After 1972, voters and non-voters differ significantly on most issues relating to the role of government in redistributive policies. In addition to these differences being evident in nearly every election since 1972, we also note that the nature of the electoral bias is clear as well: voters are substantially more conservative than non-voters on class-based issues.

 

That is, after the New Deal consensus eroded, policy views became more polarized along class lines and the class-skewed nature of the electorate began to matter considerably. Non-voters skew left on a variety of issues:

A Public Policy Institute of California (PPIC) study of Californians from 2006 finds that non-voters are more likely to support higher taxes and more services. They are also more likely to oppose Proposition 13 (a constitutional amendment which limits property taxes) and to support affordable housing (a more recent study finds similarly). More recently, a 2012 Pew study that examined likely voters and non-voters finds a strong partisan difference. While likely voters in the 2012 presidential election split 47% in favor of Obama and 47% in favor of Romney, 59% of non-voters supported Obama and only 24% supported Romney. The study also found divergence on other key policy issues, including healthcare, progressive taxation and the role of government in society.

The ideological turnout gap seems strongly related to the economic divide in voting behavior. A recent study by William Franko, Christopher Witko and Nathan Kelly examined 30 years of data for all 50 states. They find no instances in which low-income voter turnout was higher than high-income voter turnout. Across midterm and presidential elections, Census data show strong gaps between turnout rates between those earning above $150k and those earning less than $10k (a 32.6 point gap in 2008, a 34.9 point gap in 2010).

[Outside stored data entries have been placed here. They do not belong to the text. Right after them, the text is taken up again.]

Lemma msize_comp_mesym (t : {mpoly R[n.+1]}) d : t \is d.-homog for mnmwgt ->
  (msize t).-1 = mlead (t \mPo S) ord0.
Proof.
move=> t_homog; have [->|t_neq0] := eqVneq t 0.
  by rewrite comp_mpoly0 mlead0 msize0 mnm0E.
have [m0 m0_t [-> le_m0]] := mlead_comp_mesym t_neq0.
have le_deg m : m \in msupp t -> (mdeg m <= mdeg m0)%N.
  move=> m_t; rewrite -!mlead_mesymX_head; apply: lemc_head (le_m0 _ m_t).
  by rewrite !mdeg_mlead_mesymX !(dhomog_mf t_homog).
rewrite mlead_mesymX_head -(mlead_deg t_neq0) /=.
apply/eqP; rewrite eqn_leq le_deg ?mlead_supp //=.
by rewrite -ltnS (mlead_deg t_neq0) msize_mdeg_lt.
Qed.

End WeightedHomogeneousDegree.

Section SignedReversal.
Context (R : idomainType) (n : nat).

Definition signed_rev (e : nat) : n.-tuple {mpoly R[n]} :=
  [tuple (-1) ^+ (e + i) * 'X_(rev_ord i) | i < n].

Lemma comp_mpoly_signX k (lq : n.-tuple {mpoly R[k]}) a (j : 'I_n) :
  ((-1) ^+ a * 'X_j) \mPo lq = (-1) ^+ a * tnth lq j.
Proof. by rewrite rmorphM rmorphXn rmorphN1 /= comp_mpolyXU -tnth_nth. Qed.

Lemma msize_signX a (j : 'I_n) : msize ((-1) ^+ a * 'X_j : {mpoly R[n]}) = 2.
Proof.
by rewrite -signr_odd; case: odd; rewrite ?expr1 ?expr0 ?mulN1r ?mul1r ?msizeN msizeX mdeg1.
Qed.

Lemma comp_signed_revK e f (p : {mpoly R[n]}) : ~~ odd (e + f + n.-1) ->
  (p \mPo signed_rev e) \mPo signed_rev f = p.
Proof.
move=> even_efn; rewrite comp_mpolyA -[RHS]comp_mpoly_id; congr (_ \mPo _).
apply: eq_from_tnth => i; rewrite !tnth_mktuple comp_mpoly_signX tnth_mktuple rev_ordK.
rewrite mulrA -exprD -signr_odd (_ : e + i + (f + rev_ord i) = e + f + n.-1)%N.
  by rewrite (negbTE even_efn) mul1r.
by rewrite /=; move: (ltn_ord i); move: (nat_of_ord i) => k; lia.
Qed.

Lemma msize_comp_signed_rev e (p : {mpoly R[n]}) :
  msize (p \mPo signed_rev e) = msize p.
Proof.
have lin f i : (msize (tnth (signed_rev f) i) <= 2)%N by rewrite tnth_mktuple msize_signX.
apply/eqP; rewrite eqn_leq msize_comp_leq //=.
rewrite -[X in (msize X <= _)%N](@comp_signed_revK e (e + n.-1)) ?msize_comp_leq //.
by rewrite addnA -addnA !addnn -doubleD odd_double.
Qed.

End SignedReversal.

Definition D2_factor n (i j k : 'I_n) : {mpoly rat[n]} := 'X_k *+ 2 - 'X_i - 'X_j.

Lemma D2_factor_coeff n (i j k l : 'I_n) :
  (D2_factor i j k)@_U_(l) = (k == l)%:R *+ 2 - (i == l)%:R - (j == l)%:R.
Proof. by rewrite !mcoeffB mcoeffMn !mcoeffXU. Qed.

Lemma D2_factor_neq0 n (i j k : 'I_n) : k != i -> k != j -> D2_factor i j k != 0.
Proof.
move=> ki kj; apply/eqP => /(congr1 (mcoeff U_(k))).
by rewrite D2_factor_coeff mcoeff0 eqxx eq_sym (negbTE ki) eq_sym (negbTE kj) !subr0.
Qed.

Lemma D2_factor_homog n (i j k : 'I_n) : D2_factor i j k \is 1.-homog.
Proof. by rewrite !rpredB ?rpredMn // dhomogX; apply/eqP/mdeg1. Qed.

Lemma D2_factor_lead_head n (i j k : 'I_n.+1) : (i < j)%N -> k != i -> k != j ->
  mlead (D2_factor i j k) ord0 = (k == ord0) || (i == ord0).
Proof.
move=> lt_ij ki kj; rewrite dhomog1_mlead_head ?D2_factor_homog // D2_factor_coeff.
have /negbTE -> : j != ord0 by rewrite -val_eqE -lt0n (leq_ltn_trans _ lt_ij).
have [k0|k0] := eqVneq k ord0; last by case: (i == ord0).
by have /negbTE -> : i != ord0 by rewrite -k0 eq_sym.
Qed.

Lemma msym_D2_factor n (s : 'S_n) (i j k : 'I_n) :
  msym s (D2_factor i j k) = D2_factor (s i) (s j) (s k).
Proof. by rewrite /D2_factor !msymB msymMn !msymXU. Qed.

Lemma D2_roots_sym n : D2_roots n \is symmetric.
Proof.
apply/issymP => s.
pose H (i j : 'I_n) := \prod_(k | (k != i) && (k != j)) D2_factor i j k.
have HC i j : H i j = H j i.
  by apply: eq_big => [k|k _]; rewrite 1?andbC // /D2_factor addrAC.
have msymH i j : msym s (H i j) = H (s i) (s j).
  rewrite rmorph_prod [RHS](reindex_inj (@perm_inj _ s)) /=.
  by apply: eq_big => [k|k _]; rewrite ?(inj_eq perm_inj) ?msym_D2_factor.
change (msym s (\prod_(i < n) \prod_(j < n | (i < j)%N) H i j) =
        \prod_(i < n) \prod_(j < n | (i < j)%N) H i j).
rewrite rmorph_prod -[RHS](big_ltn_perm _ s HC); apply: eq_bigr => i _.
by rewrite rmorph_prod; apply: eq_bigr => j _; exact: msymH.
Qed.

Lemma D2_roots_homog n : exists d, D2_roots n \is d.-homog.
Proof.
do 3!apply: exists_dhomog_prod => ? _.
by exists 1%N; exact: D2_factor_homog.
Qed.

Lemma D2_roots_lead_head n : mlead (D2_roots n.+1) ord0 = (3 * 'C(n, 2))%N.
Proof.
have H_neq0 (i j : 'I_n.+1) : \prod_(k | (k != i) && (k != j)) D2_factor i j k != 0.
  by apply/prodf_neq0 => k /andP[ki kj]; exact: D2_factor_neq0.
rewrite -sum_head_count /D2_roots mlead_prod => [|i _ _]; last first.
  by apply/prodf_neq0 => j _; exact: H_neq0.
rewrite mnm_sumE; apply: eq_bigr => i _.
rewrite mlead_prod => [|j _ _]; last exact: H_neq0.
rewrite mnm_sumE; apply: eq_bigr => j lt_ij.
rewrite mlead_prod => [|k _ /andP[ki kj]]; last exact: D2_factor_neq0.
rewrite mnm_sumE; apply: eq_bigr => k /andP[ki kj].
exact: D2_factor_lead_head.
Qed.

Lemma vieta_coeffs_signed_rev n :
  vieta_coeffs n =
  [tuple tnth (signed_rev rat n n) i \mPo [tuple mesym n rat i.+1 | i < n] | i < n].
Proof.
apply: eq_from_tnth => i; rewrite !tnth_mktuple comp_mpoly_signX tnth_mktuple /= subnSK //.
by rewrite -signr_odd -[in RHS]signr_odd oddB ?oddD // ltnW.
Qed.

Theorem proposition3 (n : nat) (hn : (3 <= n)%N) :
  (exists D2 : {mpoly rat[n]}, D2 \mPo vieta_coeffs n = D2_roots n) /\
  (forall D2 : {mpoly rat[n]}, D2 \mPo vieta_coeffs n = D2_roots n ->
     total_degree D2 = (3 * (n - 1) * (n - 2) %/ 2)%N).
Proof.
case: n hn => [//|n] _.
pose S := [tuple mesym n.+1 rat i.+1 | i < n.+1].
pose W := signed_rev rat n.+1 n.+1.
have WS : vieta_coeffs n.+1 = [tuple tnth W i \mPo S | i < n.+1].
  exact: vieta_coeffs_signed_rev.
split.
  have [t [tS _]] := sym_fundamental (D2_roots_sym n.+1).
  exists (t \mPo signed_rev rat n.+1 1).
  by rewrite WS -comp_mpolyA comp_signed_revK // !oddD /=; case: odd.
move=> D2 D2E; pose t := D2 \mPo W.
have tS : t \mPo S = D2_roots n.+1 by rewrite comp_mpolyA -WS.
have [d D2_homog] := D2_roots_homog n.+1.
have t_homog : t \is d.-homog for mnmwgt by rewrite mwmwgt_homogE tS.
rewrite /total_degree -(msize_comp_signed_rev n.+1 D2) (msize_comp_mesym t_homog) tS.
rewrite D2_roots_lead_head; have := mul_bin_diag n 1.
by rewrite bin1 !subSS subn0 subn1 -mulnA => ->; rewrite mulnCA mulKn.
Qed.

There is evidence that this affects the political system. Consider a recent study by David Broockman and Christopher Skovron finds that politicians believe that their constituencies are significantly more conservative than they are. Such a bias should be impossible to sustain – politicians have strong electoral incentives to gauge their constitutents’ views correctly. Once we understand that voters are more conservative than non-voters, the puzzle disappears. Politicians’s real constituents are the people who vote — a disproportionately affluent and conservative slice of the population.

Conversely, where the electorate is less skewed policy outcomes shift left. In a recent study William Franko, Nathan J. Kelly and Christopher Witko find that “where the poor exercise their voice more in the voting booth relative to higher income groups, inequality is lower.” In another study, Franko examined voting gaps and policy outcomes in three areas–minimum wages, anti-predatory lending laws and SCHIP (State Children’s Health Insurance Program). He finds that states with smaller voting gaps across incomes had policies more favorable to the poor. States with low turnout inequality have a higher minimum wage, stricter lending laws and more generous health benefits than those with high turnout inequality.

The design and benefit levels of  many social safety net programs such as Temporary Assistance for Needy Families (TANF), are decided at the state level, which provides a natural experiment to test how turnout inequality  affects policy. James Avery and Mark Peffley find that, in states with higher rates of low-income voting, politicians were less inclined to pass restrictive eligibility rules for social benefits. Political scientists Kim Hill and Jan Leighley find in two studies that states with a more pronounced turnout bias, social welfare spending is lower. Thus, the evidence confirms what theory would predict: closing low-income voting gaps is consequential for public policy, in favor of lower-income households.